Wolfgang Hampel - and Betty MacDonald fan club fans,
we are working on a new Betty MacDonald exhibit.
You'll be able to read some very interesting letters by Betty MacDonald regarding her fascinating political views.
We had Super Tuesday in the United States.
There is no doubt who would have been Betty MacDonald's favourite.
Betty MacDonald was a convinced Democrat.
You can read these political statements in several of her letters in Betty MacDonald fan club collection.
So no chance for Mr. Trump!
What's your opinion?
What about some excellent Super Tuesday cinnamon rolls from the Burbanks' kitchen?
You don't know what I'm talking about?
No problem you can find the delightful story and recipe below.
We are going to publish new Betty MacDonald essays on Betty MacDonald's gardens and nature in Washington State.
Betty MacDonald fan club newsletter March will be very interesting because we'll share new outstanding Betty MacDonald fan club research results.
Tell us the names of this mysterious couple please and you can win a very new Betty MacDonald documentary.
You shouldn't miss our International Betty MacDonald fan club events because you can make the most wonderful friends there.
Betty MacDonald fan club event in London was outstanding.
I think London would be the best place for next International Betty MacDonald fan club event because I'd like to return to this wonderful city.
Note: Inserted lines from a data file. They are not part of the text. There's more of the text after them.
(** A pair [(t, c)] is coded by the function that is [1 + code c] at [t] and
    [0] elsewhere. *)
Lemma prod_le_fun (T F : Type) (code : F -> nat) :
  (forall c c', code c = code c' -> c = c') -> le_card (T * F) (T -> nat).
Proof.
  intro Hcode.
  exists (fun w t => if excluded_middle_informative (t = fst w) then S (code (snd w)) else 0%nat).
  intros [t c] [t' c'] E; simpl in E.
  pose proof (f_equal (fun F => F t) E) as Et; simpl in Et.
  destruct (excluded_middle_informative (t = t)) as [_|]; [|congruence].
  destruct (excluded_middle_informative (t = t')) as [<-|]; [|discriminate].
  injection Et; intro; f_equal; auto.
Qed.

Lemma le_list_sum (n : nat) (l : list nat) : In n l -> (n <= list_sum l)%nat.
Proof. induction l as [|a l IH]; simpl; [tauto|]; intros [<-|Hn]; [|specialize (IH Hn)]; lia. Qed.

(** Cantor's diagonal argument: [T -> nat] does not inject into [T * F] for
    a finite [F] (enumerated by a list), since on the fibre over [t] the
    diagonal function exceeds all the finitely many candidates at [t]. *)
Lemma cantor_fun_prod (T F : Type) (enum : list F) :
  (forall c, In c enum) -> ~ le_card (T -> nat) (T * F).
Proof.
  intros Henum [J HJ].
  destruct (range_section J) as [r Hr].
  set (v := fun w => match excluded_middle_informative (exists psi, J psi = w) with
                     | left H => r (exist _ w H) | right _ => fun _ => 0%nat end).
  assert (Hv : forall psi, v (J psi) = psi).
  { intro psi; unfold v.
    destruct excluded_middle_informative as [H|H]; [|exfalso; eauto].
    apply HJ; rewrite Hr; reflexivity. }
  set (phi := fun t => S (list_sum (map (fun c => v (t, c) t) enum))).
  destruct (J phi) as [t c] eqn:E.
  assert (Hphi : v (t, c) t = phi t) by (rewrite <- E, Hv; reflexivity).
  assert (Hle : (v (t, c) t <= list_sum (map (fun c => v (t, c) t) enum))%nat)
    by (apply le_list_sum, (in_map (fun c => v (t, c) t)), Henum).
  unfold phi in Hphi; lia.
Qed.

(** The cardinal bound used for one-point extensions: if the inhabited [T]
    is smaller than [M], so is [1 + 2(|T| + 1)]. It is sandwiched between
    [T * F] ([F] finite) and [T -> nat], which is [<= |M|] by [fun_nat_le] yet
    not injectable into [T * F] by [cantor_fun_prod]. *)
Lemma small_extension_lt (M T : Type) (t0 : T) :
  infinite_card M -> sup_pow_cond M -> lt_card T M ->
  lt_card (option (option T * bool)) M.
Proof.
  intros Hinf Hsup HT.
  set (code := fun c : bool * option bool =>
         ((if fst c then 3 else 0) +
          match snd c with None => 0 | Some true => 1 | Some false => 2 end)%nat).
  assert (Hcode : forall c c', code c = code c' -> c = c')
    by (intros [[] [[]|]] [[] [[]|]]; unfold code; simpl; intro H;
        reflexivity || discriminate H).
  assert (Henum : forall c, In c (list_prod (true :: false :: nil) (None :: Some true :: Some false :: nil)))
    by (intros [b o]; apply in_prod; destruct b; destruct o as [[]|]; simpl; tauto).
  assert (Henc : le_card (option (option T * bool)) (T * (bool * option bool))).
  { exists (fun w => match w with
                     | None => (t0, (false, None))
                     | Some (o, b) => (match o with Some t => t | None => t0 end,
                                       (match o with Some _ => true | None => false end, Some b))
                     end).
    intros [[[t|] b]|] [[[t'|] b']|]; simpl; intro E;
      inversion E; reflexivity. }
  pose proof (fun_nat_le M T Hinf Hsup HT) as Hfun.
  split.
  - exact (le_card_trans _ _ _ Henc (le_card_trans _ _ _ (prod_le_fun T _ code Hcode) Hfun)).
  - intro HM.
    exact (cantor_fun_prod T _ _ Henum
             (le_card_trans _ _ _ Hfun (le_card_trans _ _ _ HM Henc))).
Qed.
The Betty MacDonald fan club event DVDs are excellent and I already own a whole collection.
Wolfgang Hampel's new Vita Magica guest was a very famous TV lady, author and singer who is a new very popular Betty MacDonald fan club honor member.
Betty MacDonald fan club honor member Mr. Tigerli is beloved all over the World.
We are so happy that our 'Casanova' is back.
Don't miss breakfast at the bookstore with Brad and Nick.
Vashon Island - described by Betty MacDonald in Onions in the Stew - is a paradise.
Onions in the Stew is my favourite of Betty MacDonald's brilliant books.
This ESC entry will be very successful.
Have a very nice Wednesday,
Greta & Sandra
Don't miss this very special book, please.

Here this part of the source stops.